Михаил Андреевич испуганно и в-то же время восторженно смотрел на свою гостью.
– Вы удивлены моим посещением, граф? – улыбнулась она. – Или вы не узнаете меня?
– Узнаю, – прошептал Нейгоф, – у Козодоева…
– Да, да! Впрочем, та встреча была мимолетна… мой покойный отец даже не представил мне вас.
– Покойный! – воскликнул граф. – Разве этот Козодоев умер?
– Увы, да! Вы еще не знаете, какое несчастье постигло меня.
– Вы – дочь Козодоева?
– Да, приемная… Он воспитал меня, дал образование… Какой это был чудный человек, граф! Но не будем говорить о печальных вещах. Вернемся к прежнему. Итак, вы удивлены?..
– Очень! – откровенно сознался Нейгоф.
– И я была бы очень удивлена на вашем месте. Мы незнакомы, видели друг друга всего один раз мельком, и вдруг эти мои посещения… Но на все в нашей жизни есть причины. Простите за откровенность, граф, но тогда вы мне показались очень несчастным, удрученным всякими бедствиями человеком… Я пожалела вас, граф…
– Благодарю, – пробормотал Нейгоф, – я действительно очень несчастлив…
– Я стала думать о вас, граф, и чем больше думала, тем больше мне становилось вас жалко. А потом знаете, что случилось?
Голос Софьи Карловны звучал искренностью. Граф жадно слушал не слова, а именно эти звуки, и напряженно смотрел в лучистые глаза красавицы, боясь, что она замолчит, и он не услышит больше этого чарующего голоса.
– Что же случилось? – тревожно спросил он.
– А-то, что я вас возненавидела.
– Вы! Меня! За что? Я теряюсь в догадках. Пожалели сперва, потом возненавидели, а теперь…

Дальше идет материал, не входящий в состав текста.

Theorem lemma1 (R : realType) (P : {poly int}) (r : nat -> {poly int})
  (i0 : nat) (a b alpha : R) :
  P != 0 ->
  P = \prod_(1 <= i < size P) r i ^+ i ->
  (forall i, (1 <= i < size P)%N -> zsquarefree (r i)) ->
  (forall i j, (1 <= i < size P)%N -> (1 <= j < size P)%N -> i != j ->
     zcoprime (r i) (r j)) ->
  (1 <= i0 < size P)%N ->
  a < alpha < b ->
  root (polyRi R (r i0)) alpha ->
  let mI := (a + b) / 2 in
  let rI := (b - a) / 2 in
  Tpred (polyRi R (r i0))^`() (3 / 2) mI (8 * rI) ->
  (forall i, (1 <= i < size P)%N -> i != i0 -> Tpred (polyRi R (r i)) 1 mI (8 * rI)) ->
  (`|alpha%:C - mI%:C| < (2 * rI)%:C /\
   forall z : R[i], root (polyCi R P) z -> `|z - mI%:C| < (2 * rI)%:C -> z = alpha%:C) /\
  (forall z : R[i], `|z - mI%:C| = (2 * rI)%:C ->
     `|(polyCi R P).[z]| >
       (2%:R ^- (i0 + (size P).-1)) * `|(polyCi R P).[(mI - 2 * rI)%:C]|).
Proof.
move=> P_neq0 P_fact _ _ i0_range /andP[a_lt lt_b] root_i0 mI rI T_i0 T_other.
have rI_gt0 : 0 < rI by rewrite /rI; lra.
have alpha_near : `|alpha - mI| < rI by rewrite ltr_norml /mI /rI; apply/andP; split; lra.
set s := size P in P_fact i0_range T_other *.
have r_neq0 i : (1 <= i < s)%N -> r i != 0.
  move=> i_range; move: P_neq0; rewrite P_fact prodf_seq_neq0 => /allP/(_ i).
  by rewrite mem_index_iota i_range expf_eq0 => /(_ isT); case/andP: i_range => ->.
have polyCiP : polyCi R P = (\prod_(1 <= i < s) polyRi R (r i) ^+ i)^:C.
  rewrite polyCi_polyRi {1}P_fact /polyRi rmorph_prod; congr map_poly.
  by apply: eq_bigr => i _; rewrite rmorphXn.
have deg_P : s.-1 = (\sum_(1 <= i < s) (size (polyRi R (r i))).-1 * i)%N.
  rewrite /s {1}P_fact size_prod_seq_pred => [|i]; last first.
    by rewrite mem_index_iota => i_range; rewrite expf_neq0 ?r_neq0.
  by apply: eq_bigr => i _; rewrite size_exp size_polyRi.
split; first split.
- by rewrite -rmorphB normcR ltcR; lra.
- move=> z; rewrite polyCiP normcE ltcR => root_z /ltW z_near.
  exact: (prod_exp_root_in_disc (ps := fun i => polyRi R (r i))
            rI_gt0 alpha_near root_i0 T_i0 T_other z_near root_z).
move=> z; rewrite normcE => /complexI z_circle.
have := prod_exp_circle_bound (ps := fun i => polyRi R (r i))
          i0_range rI_gt0 alpha_near root_i0 T_i0 T_other z_circle.
rewrite -polyCiP -deg_P !normcE => bound.
have -> : 2%:R ^- (i0 + s.-1) = ((2^-1 : R) ^+ (i0 + s.-1))%:C.
  by rewrite rmorphXn rmorphV ?unitfE ?pnatr_eq0 // rmorph_nat exprVn.
by rewrite -rmorphM ltcR.
Qed.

– А теперь я, как видите, незваная, незнакомая, пришла к вам, когда вы стали еще более несчастны, когда вы умирали… Лежите, лежите спокойно! – остановила она Нейгофа, намеревавшегося подняться. – Иначе я уйду, и вы никогда не узнаете, за что я вас возненавидела…
– Нет, нет, не уходите! – запротестовал Нейгоф. – Даже ваше имя я только сейчас припомнил. Ваш отец назвал мне его… Я не думал, что вы – его дочь… Помните – он назвал вас царицей красоты и еще как-то… Как – не могу припомнить, но сохранилось впечатление, что так к близким людям не обращаются; вообще вы тогда не произвели на меня впечатления дочери Козодоева, а скорее его клиентки.